We now catch up to the fall of 2020. My iPhone 8 is about the same age as my iPhone 6 was when it got replaced. Unlike the 6, the 8 still performs well, thanks to Apple’s CPU improvements. The battery, though, has suffered terribly. Is it due to taking so many more pictures? Hijinks related to wireless charging? Just generally a lot more use? I don’t know.
What I do know is that now, in November 2020, the battery on the phone is so bad I can’t go out for more than an hour without needing a power bank to revive it. So I made the sensible decision to replace it and conveniently, Apple has an entire line of new phones for me to choose from (I loves me Apple Watch too much to consider Android at this time).
At this point, you may be wondering, what does any of this have to do with getting a camera? I will explain.
Last Saturday Nic and I went to the Reifel Bird Sanctuary. Knowing my phone was likely to poop out, I did two things:
I brought along an Anker power bank that could fully charge the phone up to six times
I dug out my 12-year-old Canon Powershot point-and-shoot camera and charged it up to bring along, just in case
My initial plan was to use the camera as a backup in case the phone died. The phone did, in fact, die. I found I could tether it to the power bank and still take pictures, though (sort of like having a portable generator for it), so what I ended up doing was taking a lot of pictures with the phone, then the same shots with the camera to see how they’d compared. What I found was:
The camera still takes pretty good photos!
The 3x optical zoom allowed me to get shots that were impossible with the iPhone
Some of the photos from the camera were actually superior to those from the phone (some were not)
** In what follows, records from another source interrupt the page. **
(* In the setting described in the context, assume (B), (B1) and (B2). Then the map $\epsilon\mapsto L_{\mathbb P_\epsilon}h_0$ is differentiable at $\epsilon=0$ as a $C^1(X)$-valued map.
   Context: $X$ is a compact interval with normalized Lebesgue measure $m$; $\Omega$ a measurable space; for each $\omega$, $T_\omega\colon X\to X$ has a finite or countable family of branches indexed by a common set $Z$ on open intervals partitioning $X$ mod $0$, each $C^3$ and onto $X$, with inverse branches $g_{z,\omega}$. $\{\mathbb P_\epsilon\}_{\epsilon\in V}$ are probability measures on $\Omega$, $V$ a neighbourhood of $0$; $L_{\mathbb P_\epsilon}\Phi=\int_\Omega\sum_z\Phi\circ g_{z,\omega}|g'_{z,\omega}|\,d\mathbb P_\epsilon(\omega)$. For $\Phi\in L^1(X)$, $\psi_z(\epsilon,x)=\int_\Omega[\Phi\circ g_{z,\omega}|g'_{z,\omega}|](x)\,d\mathbb P_\epsilon(\omega)$, $\psi^{(0)}_z=\psi_z$, $\psi^{(1)}_z=\partial_x\psi_z$. (B): $L_{\mathbb P_\epsilon}$ has a uniform spectral gap on $C^1$ (there are $\theta\in(0,1)$, $C>0$ independent of $\epsilon$ with $\|L^n_{\mathbb P_\epsilon}\phi\|_{C^1}\le C\theta^n\|\phi\|_{C^1}$ for zero-average $\phi$), and the system has a unique stationary density $h_\epsilon\in C^2$ (i.e. $L_{\mathbb P_\epsilon}h_\epsilon=h_\epsilon$, $h_\epsilon\ge0$, $\int h_\epsilon dm=1$). (B1): for $\Phi=h_0$, $\partial_\epsilon\psi_z,\partial_x\psi_z,\partial_x\partial_\epsilon\psi_z,\partial_\epsilon\partial_x\psi_z$ exist and are jointly continuous on $V\times X$, and $\sum_z\sup_{\epsilon\in V}\sup_{x}|\partial_\epsilon\psi^{(i)}_z(\epsilon,x)|<\infty$ for $i=0,1$. (B2): for every $\Phi\in C^1$, $\psi_z$ and $\partial_x\psi_z$ exist and are jointly continuous, and $\sum_z\sup_{\epsilon}\sup_x|\psi^{(i)}_z(\epsilon,x)|<\infty$ for $i=0,1$. *)

From HB Require Import structures.
From mathcomp Require Import all_boot all_order all_algebra.
From mathcomp Require Import all_classical all_reals all_analysis.
Set Implicit Arguments. Unset Strict Implicit. Unset Printing Implicit Defensive.
Import Order.TTheory GRing.Theory Num.Theory.
Import numFieldNormedType.Exports.
Local Open Scope classical_set_scope.
Local Open Scope ring_scope.

Section Defs.
Variable R : realType.

Definition Ck_fam (D : set R) (k : nat) (fs : nat -> R -> R) : Prop :=
  (forall i, (i <= k)%N -> {within D, continuous (fs i)}) /\
  (forall i, (i < k)%N -> forall x, D° x -> is_derive x 1 (fs i) (fs i.+1 x)).

(** f is of class C^k on D (for D = [a,b]: C^k up to the boundary). *)
Definition Ck_on (D : set R) (k : nat) (f : R -> R) : Prop :=
  exists fs : nat -> R -> R, fs 0%N = f /\ Ck_fam D k fs.

Definition C1norm (a b : R) (f : R -> R) : R :=
  sup [set `|f x| | x in `[a, b]] + sup [set `|derive1 f x| | x in `]a, b[].

(** Sum over the (finite or countable) index set Z, taken as a subset of nat. *)
Definition sumZ (Z : set nat) (u : nat -> R) : R :=
  limn (series (fun n => if n \in Z then u n else 0)).

Definition summableZ (Z : set nat) (u : nat -> R) : Prop :=
  cvgn (series (fun n => if n \in Z then u n else 0)).

Context {d : measure_display} {Omega : measurableType d}.

(** Transfer operator L_P Phi (x) = int_Omega sum_z Phi(g_{z,w} x) |g'_{z,w}(x)| dP(w),
    where [g1 z w] is the derivative of the inverse branch [g z w]. *)
Definition Lop (P : probability Omega R) (Z : set nat)
    (g g1 : nat -> Omega -> R -> R) (Phi : R -> R) (x : R) : R :=
  \int[P]_(w in setT) sumZ Z (fun z => Phi (g z w x) * `|g1 z w x|).

Definition psi (P : R -> probability Omega R)
    (g g1 : nat -> Omega -> R -> R) (Phi : R -> R) (z : nat) (e x : R) : R :=
  \int[P e]_(w in setT) (Phi (g z w x) * `|g1 z w x|).

End Defs.

From HB Require Import structures.
From mathcomp Require Import all_boot all_order all_algebra.
From mathcomp Require Import all_classical all_reals all_analysis.
From mathcomp Require Import measurable_realfun ring.
Import Order.TTheory GRing.Theory Num.Theory.
Import numFieldNormedType.Exports.
Local Open Scope classical_set_scope.
Local Open Scope ring_scope.

(* Integrating the nonnegative terms one at a time (monotone convergence),
   L_{P_eps} h_0 = sum_z psi_z(eps, .) on [a, b], so the candidate derivative
   is D = sum_z d_eps psi_z(0, .).  By the mean value theorem in eps, each
   (psi_z(eps, .) - psi_z(0, .)) / eps - d_eps psi_z(0, .) equals
   d_eps psi_z(c, .) - d_eps psi_z(0, .) for some c between 0 and eps: it is
   dominated by 2 M0_z and, by uniform continuity on compacts, tends to 0
   uniformly on [a, b]; Tannery's theorem sums these estimates.  The same
   argument for d_x psi_z controls the x-derivatives, once Schwarz's theorem
   identifies d_eps d_x psi_z with d_x d_eps psi_z. *)

Set Implicit Arguments. Unset Strict Implicit.

Section sumZ_theory.
Variable R : realType.
Implicit Types (Z : set nat) (u v w M : nat -> R).

Definition restrZ Z u n : R := if n \in Z then u n else 0.

Lemma restrZB Z u v : restrZ Z (fun z => u z - v z) = restrZ Z u - restrZ Z v.
Proof. by apply/funext => n; rewrite /restrZ !fctE; case: ifP; rewrite ?subr0. Qed.

Lemma restrZMr Z u t : restrZ Z (fun z => u z * t) = t *: restrZ Z u.
Proof.
by apply/funext => n; rewrite /restrZ !fctE; case: ifP => _; rewrite ?scaler0 // mulrC.
Qed.

Lemma normr_restrZ_le Z u M : (forall z, Z z -> `|u z| <= M z) ->
  forall n, `|restrZ Z u n| <= restrZ Z M n.
Proof. by move=> uM n; rewrite /restrZ; case: ifPn => [/set_mem/uM|_] //; rewrite normr0. Qed.

Lemma cvg_series_norm_le u v :
  (forall n, `|u n| <= v n) -> cvgn (series v) -> cvgn (series u).
Proof.
move=> uv cv; apply: normed_cvg; apply: (series_le_cvg _ _ uv cv) => n //.
exact: le_trans (normr_ge0 _) (uv n).
Qed.

Lemma summableZ_le Z u M :
  (forall z, Z z -> `|u z| <= M z) -> summableZ Z M -> summableZ Z u.
Proof. by move=> /normr_restrZ_le; exact: cvg_series_norm_le. Qed.

Lemma summableZB Z u v : summableZ Z u -> summableZ Z v ->
  summableZ Z (fun z => u z - v z).
Proof. by rewrite /summableZ -!/(restrZ Z _) restrZB; exact: is_cvg_seriesB. Qed.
All of these–but especially the optical zoom–instilled in me a sudden yearning I did not have before. I wanted a standalone camera again. Surely this is madness, I thought. Do I really need a dedicated camera for most of the pictures I take? No. Would it allow me to take pictures I currently can’t? Yes! Would the pictures in general be better than what I’d get with a phone, even a fancy new iPhone 12? Yes again.
So now I want a camera, and I am starting to research models. My main criteria:
Must offer specs that put it above a smartphone, otherwise what’s the point?
Spec 1: High pixel count (iPhone cameras are 12 megapixel)
Spec 2: Good optical zoom. I’m thinking at least 8x but more is better
Spec 3: Must be capable of good night/low light shots
Spec 3: Must cost no more than around $1,000 because I’m not going full prosumer crazy here
I am starting by looking at point-and-shoot cameras that generally come with a single lens but still offer good quality, then seeing what else may be out there.
Oh, and I’m still getting a new phone, but now I may not need the best camera since a good camera will likely suffice. Look for a rambling long post about the new iPhones soon™.